If physical entities such as objects or processes are chosen as the basic units of an ontological, constructional system, then it is called "physicalistic"; if phenomenal entities such as qualia or presentations are chosen, then "phenomenalistic". (A quale is a property which is considered an object of experience rather than the physical entity itself which has that poperty: it is the characteristic presented by that physical entity.) In both systems the basic units are individuals which can be perceived by one of the senses. Physicalists and phenomenalists both claim epistemological priority for their own basic units, but it has been demonstrated already by theorists with less absolutist pretensions that it is hard to understand what such would mean in the first place. Now, if the basic units of a phenomenalist system are nonconcrete, qualitative elements, then it has also been called "realistic"; if they are spatiotemporal particulars like phenomenal events, then "particularistic". Those free from metaphysical, ontological or epistemological absolutism have also made clear before, that when choosing between these different systems, it is most of all the way in which they deal with the relationship between qualities and particulars which matters (and not so much the metaphysical priority of either qualities or particulars).
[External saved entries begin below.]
(* For $\beta,k,m\in\mathbb{N}$ and $\operatorname{Re}(s)>1$, $$\sum_{n=1}^\infty\frac{\Lambda^{(\beta)}_{k,m}(n)}{n^s}=(-1)^k\sigma^{(\beta)}_{1-s/\beta}(m)\frac{\zeta^{(k)}(s)}{\zeta(s)},$$ the series converging absolutely, where $\zeta^{(k)}$ is the $k$-th derivative of the Riemann zeta-function.
   Context: For $\beta,q,m\in\mathbb{N}$, $c_q^{(\beta)}(m)=\sum e^{2\pi i mh/q^\beta}$, the sum over integers $0\le h<q^\beta$ such that $h$ and $q^\beta$ have no common divisor of the form $d^\beta$ with $d>1$. For $z\in\mathbb{C}$, $\sigma_z^{(\beta)}(m)=\sum_{d\in\mathbb{N},\ d^\beta\mid m}d^{\beta z}$. The generalized von Mangoldt function is $\Lambda^{(\beta)}_{k,m}(n)=\sum_{d\delta=n}c_d^{(\beta)}(m)\log^k\delta$ (so $\Lambda^{(1)}_{1,1}=\Lambda$). *)

From Stdlib Require Import Reals Lra Lia Arith List ClassicalEpsilon.
Import ListNotations.
Open Scope R_scope.

Definition Cx : Type := (R * R)%type.
Definition Re (z : Cx) : R := fst z.
Definition Im (z : Cx) : R := snd z.
Definition RtoC (r : R) : Cx := (r, 0).
Definition Cx0 : Cx := (0, 0).
Definition Cx1 : Cx := (1, 0).
Definition Cadd (z w : Cx) : Cx := (fst z + fst w, snd z + snd w).
Definition Copp (z : Cx) : Cx := (- fst z, - snd z).
Definition Csub (z w : Cx) : Cx := Cadd z (Copp w).
Definition Cmul (z w : Cx) : Cx :=
  (fst z * fst w - snd z * snd w, fst z * snd w + snd z * fst w).
Definition Cinv (z : Cx) : Cx :=
  let d := fst z * fst z + snd z * snd z in (fst z / d, - snd z / d).
Definition Cdiv (z w : Cx) : Cx := Cmul z (Cinv w).
Definition Cnorm (z : Cx) : R := sqrt (fst z * fst z + snd z * snd z).
Definition Cexp (z : Cx) : Cx := (exp (fst z) * cos (snd z), exp (fst z) * sin (snd z)).
Definition Cpow_pos (a : R) (z : Cx) : Cx := Cexp (Cmul (RtoC (ln a)) z).

Definition Csum_list (l : list Cx) : Cx := fold_right Cadd Cx0 l.

Fixpoint Cpartial (f : nat -> Cx) (N : nat) : Cx :=
  match N with
  | O => f O
  | S N' => Cadd (Cpartial f N') (f N)
  end.
Definition Cseries_conv (f : nat -> Cx) (l : Cx) : Prop :=
  forall eps : R, eps > 0 -> exists N : nat, forall n : nat, (n >= N)%nat ->
    Cnorm (Csub (Cpartial f n) l) < eps.
Definition Cseries_abs_conv (f : nat -> Cx) : Prop :=
  exists l : R, Un_cv (fun N => sum_f_R0 (fun i => Cnorm (f i)) N) l.

Definition C_inhabited : inhabited Cx := inhabits Cx0.

(** The sum of a series (a chosen limit; meaningful when it converges). *)
Definition Cseries_sum (f : nat -> Cx) : Cx := epsilon C_inhabited (Cseries_conv f).

(** Riemann zeta function, defined on Re s > 1 by sum_{n>=1} n^{-s}. *)
Definition zeta (s : Cx) : Cx :=
  Cseries_sum (fun i => Cinv (Cpow_pos (INR (S i)) s)).

Definition Cderivable_lim (f : Cx -> Cx) (z l : Cx) : Prop :=
  forall eps : R, eps > 0 -> exists delta : R, delta > 0 /\
    forall h : Cx, h <> Cx0 -> Cnorm h < delta ->
      Cnorm (Csub (Cdiv (Csub (f (Cadd z h)) (f z)) h) l) < eps.
Definition Cderiv (f : Cx -> Cx) (z : Cx) : Cx :=
  epsilon C_inhabited (Cderivable_lim f z).
Fixpoint Cderiv_n (k : nat) (f : Cx -> Cx) : Cx -> Cx :=
  match k with
  | O => f
  | S k' => Cderiv (Cderiv_n k' f)
  end.

Definition beta_coprime (beta h N : nat) : Prop :=
  forall d : nat, (1 < d)%nat ->
    ~ (Nat.divide (Nat.pow d beta) h /\ Nat.divide (Nat.pow d beta) N).

Definition ramanujan_beta (beta q m : nat) : Cx :=
  let Q := Nat.pow q beta in
  Csum_list (map (fun h =>
     if excluded_middle_informative (beta_coprime beta h Q)
     then Cexp (0, 2 * PI * INR m * INR h / INR Q)
     else Cx0) (seq 0 Q)).

(** sigma_z^{(beta)}(m) = sum_{d in N, d^beta | m} d^{beta z}  (m >= 1, so d <= m) *)
Definition sigma_beta (beta : nat) (z : Cx) (m : nat) : Cx :=
  Csum_list (map (fun d =>
     if excluded_middle_informative (Nat.divide (Nat.pow d beta) m)
     then Cpow_pos (INR d) (Cmul (RtoC (INR beta)) z)
     else Cx0) (seq 1 m)).

Definition Lambda_beta (beta k m n : nat) : Cx :=
  Csum_list (map (fun d =>
     if excluded_middle_informative (Nat.divide d n)
     then Cmul (ramanujan_beta beta d m) (RtoC (ln (INR (n / d)) ^ k))
     else Cx0) (seq 1 n)).

Definition dirichlet_term (beta k m : nat) (s : Cx) (n : nat) : Cx :=
  Cdiv (Lambda_beta beta k m n) (Cpow_pos (INR n) s).

(** Lambda^(beta)_{k,m} is the Dirichlet convolution c * L_k of the
   Ramanujan sums c(q) = c_q^(beta)(m) with L_k(n) = log^k n, and c itself is
   the convolution mu * g of the Moebius function with
   g(e) = e^beta [e^beta | m].  The product of two absolutely convergent
   Dirichlet series is the Dirichlet series of the convolution, so it suffices
   to know the three factors:
   - sum mu(n) n^{-s} = 1 / zeta(s), because mu * 1 = [n = 1];
   - sum g(n) n^{-s} = sigma^(beta)_{1-s/beta}(m), a finite sum;
   - sum log^k(n) n^{-s} = (-1)^k zeta^(k)(s), by termwise differentiation. *)

From Pilot Require Import Defs.
From Stdlib Require Import Reals Lra Lia Arith List ClassicalEpsilon FunctionalExtensionality.
From mathcomp Require ssreflect ssrfun ssrbool eqtype ssrnat div.
Import ListNotations.
Open Scope R_scope.

Notation xm P := (excluded_middle_informative P).

(** ** Complex arithmetic *)

Lemma Cx_ext (z w : Cx) : fst z = fst w -> snd z = snd w -> z = w.
Proof. destruct z, w; simpl; intros; subst; auto. Qed.
(* Let $x_1\in(0,1)$ and define $x_{n+1}=\frac{(1+x_n)^2}{4}$ for $n\ge1$. Then $\sum_{n\ge1}n(x_{n+1}-x_n)=+\infty$. *)

From Stdlib Require Import Reals.
From Coquelicot Require Import Coquelicot.
Open Scope R_scope.

(* The sequence x_{n+1} = (1 + x_n)^2 / 4, shifted to start at index 0:
   xseq x1 0 = x_1, xseq x1 k = x_{k+1}. *)
Fixpoint xseq (x1 : R) (k : nat) : R :=
  match k with
  | O => x1
  | S k' => (1 + xseq x1 k') ^ 2 / 4
  end.

(** With [e_k = 1 - x_k] the recursion reads [e_(k+1) = e_k - e_k^2/4], so
    [1/e_(k+1) <= 1/e_k + 1/2] and [e_k] decays no faster than [C/(k+1)].
    The [k]-th term [(k+1)(x_(k+1) - x_k) = (k+1) e_k^2/4] is therefore at
    least a constant times [1/(k+1)], and the harmonic series diverges. *)

From Stdlib Require Import Reals Lra Lia.
From Coquelicot Require Import Coquelicot.
Open Scope R_scope.

Lemma inv_sub_sqr_div4_le (u : R) : 0 < u <= 2 -> / (u - u ^ 2 / 4) <= / u + / 2.
Proof.
  intros Hu.
  replace (/ (u - u ^ 2 / 4)) with (/ u + / 2 + (u - 2) / (2 * (4 - u))).
  2: { field; repeat split; try lra; nra. }
  assert (0 < / (2 * (4 - u))) by (apply Rinv_0_lt_compat; lra).
  unfold Rdiv; nra.
Qed.

Lemma ln_succ_sub_ln_le (x : R) : 0 < x -> ln (x + 1) - ln x <= / x.
Proof.
  intros Hx.
  assert (Hinv : 0 < / x) by (apply Rinv_0_lt_compat; exact Hx).
  replace (x + 1) with (x * (1 + / x)) by (field; lra).
  rewrite ln_mult by lra.
  pose proof (exp_ineq1_le (ln (1 + / x))) as Hexp.
  rewrite exp_ln in Hexp by lra.
  lra.
Qed.

Lemma ln_le_sum_inv (N : nat) : ln (INR (S (S N))) <= sum_n (fun k => / INR (S k)) N.
Proof.
  induction N as [|N IH].
  - rewrite sum_O; simpl.
    pose proof (ln_succ_sub_ln_le 1 Rlt_0_1) as H.
    rewrite ln_1, Rinv_1 in H; lra.
  - rewrite sum_Sn; change plus with Rplus.
    pose proof (ln_succ_sub_ln_le (INR (S (S N))) (lt_0_INR _ (Nat.lt_0_succ _))) as H.
    rewrite <- S_INR in H; lra.
Qed.

Lemma is_lim_seq_sum_inv : is_lim_seq (sum_n (fun k => / INR (S k))) p_infty.
Proof.
  apply (is_lim_seq_le_p_loc (fun N => ln (INR (S (S N))))).
  - exists O; intros N _; apply ln_le_sum_inv.
  - apply (is_lim_comp_seq ln _ p_infty).
    + exact is_lim_ln_p.
    + exists O; discriminate.
    + apply (is_lim_seq_ext (fun n => INR (n + 2))); [intros n; f_equal; lia |].
      apply is_lim_seq_incr_n, is_lim_seq_INR.
Qed.

Lemma is_lim_seq_sum_ge_inv (u : nat -> R) (c : R) :
  0 < c -> (forall k, c / INR (S k) <= u k) -> is_lim_seq (sum_n u) p_infty.
Proof.
  intros Hc Hu.
  apply (is_lim_seq_le_p_loc (fun N => c * sum_n (fun k => / INR (S k)) N)).
  - exists O; intros N _.
    rewrite <- (sum_n_scal_l (V := R_ModuleSpace) c); apply sum_n_m_le, Hu.
  - replace p_infty with (Rbar_mult c p_infty).
    + apply is_lim_seq_scal_l, is_lim_seq_sum_inv.
    + apply is_Rbar_mult_unique, is_Rbar_mult_sym, is_Rbar_mult_p_infty_pos.
      exact Hc.
Qed.

Section Iteration.

Variable x1 : R.

Lemma xseq_succ_sub (k : nat) : xseq x1 (S k) - xseq x1 k = (1 - xseq x1 k) ^ 2 / 4.
Proof. simpl; field. Qed.

Lemma one_sub_xseq_succ (k : nat) :
  1 - xseq x1 (S k) = (1 - xseq x1 k) - (1 - xseq x1 k) ^ 2 / 4.
Proof. simpl; field. Qed.

Hypothesis hx1 : 0 < x1 < 1.

Lemma one_sub_xseq_bounds (k : nat) : 0 < 1 - xseq x1 k < 1.
Proof.
  induction k as [|k IH]; [simpl; lra |].
  rewrite one_sub_xseq_succ; nra.
Qed.

Lemma inv_one_sub_xseq_le (k : nat) : / (1 - xseq x1 k) <= / (1 - x1) + INR k / 2.
Proof.
  induction k as [|k IH]; [simpl; lra |].
  rewrite one_sub_xseq_succ, S_INR.
  pose proof (one_sub_xseq_bounds k).
  pose proof (inv_sub_sqr_div4_le (1 - xseq x1 k) ltac:(lra)).
  lra.
Qed.

Let A := / (1 - x1) + / 2.

Lemma A_pos : 0 < A.
Proof. pose proof (Rinv_0_lt_compat (1 - x1) ltac:(lra)); unfold A; lra. Qed.

Lemma one_sub_xseq_ge (k : nat) : / (A * INR (S k)) <= 1 - xseq x1 k.
Proof.
  pose proof (one_sub_xseq_bounds k).
  pose proof (inv_one_sub_xseq_le k).
  pose proof (pos_INR k).
  pose proof (Rinv_0_lt_compat (1 - x1) ltac:(lra)).
  rewrite <- (Rinv_inv (1 - xseq x1 k)).
  apply Rinv_le_contravar; [apply Rinv_0_lt_compat; lra |].
  rewrite S_INR; unfold A; nra.
Qed.

Lemma xseq_weighted_increment_ge (k : nat) :
  / (4 * A ^ 2) / INR (S k) <= INR (S k) * (xseq x1 (S k) - xseq x1 k).
Proof.
  assert (Hn : 0 < INR (S k)) by apply (lt_0_INR _ (Nat.lt_0_succ k)).
  pose proof A_pos.
  rewrite xseq_succ_sub.
  replace (/ (4 * A ^ 2) / INR (S k)) with (INR (S k) * ((/ (A * INR (S k))) ^ 2 / 4))
    by (field; lra).
  apply Rmult_le_compat_l; [lra |].
  apply Rmult_le_compat_r; [lra |].
  apply pow_incr; split; [| apply one_sub_xseq_ge].
  apply Rlt_le, Rinv_0_lt_compat, Rmult_lt_0_compat; lra.
Qed.

End Iteration.

Theorem lemma5p1 (x1 : R) (hx1 : 0 < x1 < 1) :
  is_lim_seq
    (fun N : nat => sum_n (fun k : nat => INR (S k) * (xseq x1 (S k) - xseq x1 k)) N)
    p_infty.
Proof.
  eapply is_lim_seq_sum_ge_inv; [| exact (xseq_weighted_increment_ge x1 hx1)].
  pose proof (A_pos x1 hx1).
  apply Rinv_0_lt_compat; simpl; nra.
Qed.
Thus a particularist theory is faced with a problem of abstraction: how to obtain repeatable, abstract universals from concrete particulars; but an (antiparticularistic) realist theory is faced with a problem of concretion: how to obtain unrepeatable, concrete particulars from abstract qualities.

Attention has already been drawn to the fact that every perceptible object can be described in two different ways, namely (1) by the parts it consists of -- as such it is conceived of as a whole of component parts -- and (2) by what it looks like, what it does, how it relates to other objects, how it is changing or not, and so forth. The latter thing is done by mentioning the object's inherent characteristics, its actions, its relations, and its changes or lack thereof. All these latter elements of the object, whether 'essential' or accidental, are attributes and relations, that is, predicates, of the thing in question in a broad, but strict sense. By speaking of these elements the object is conceived of as something which has a collection of attributes, and a number of relations with other objects. But while every object presents itself in this view as a whole of component parts and/or by the attributes it has, the parts themselves are in their turn also presented by their parts and the attributes (and relations) they have. This pattern can be pursued until those objects emerge which cannot be described by mentioning their parts any longer, but only by referring to their attributes (so far as the internal elements are concerned). We are assuming, then, that there is an end to this process of dissection -- an assumption necessary to arrive at the basic elements of this ontological system: the attributes. On this construction every object is a more or less complex system of attributes, a structure of which the 'materials' (the minimal basic units) are the attributes. (Relations exist between things and are in this domain of discourse no material of any of the discrete things they relate to each other.) Altho an attribute is a nonphysical entity -- and therefore our system not physicalistic -- it need not be a phenomenal entity either. It may be or cause single phenomenal colors, sounds, tactual sensations, and so on, but it may also be a mental or other nonphenomenal (and nonphysical) entity. Insofar as our system is phenomenalistic, however, it is also realistic (in a nonparticularist sense).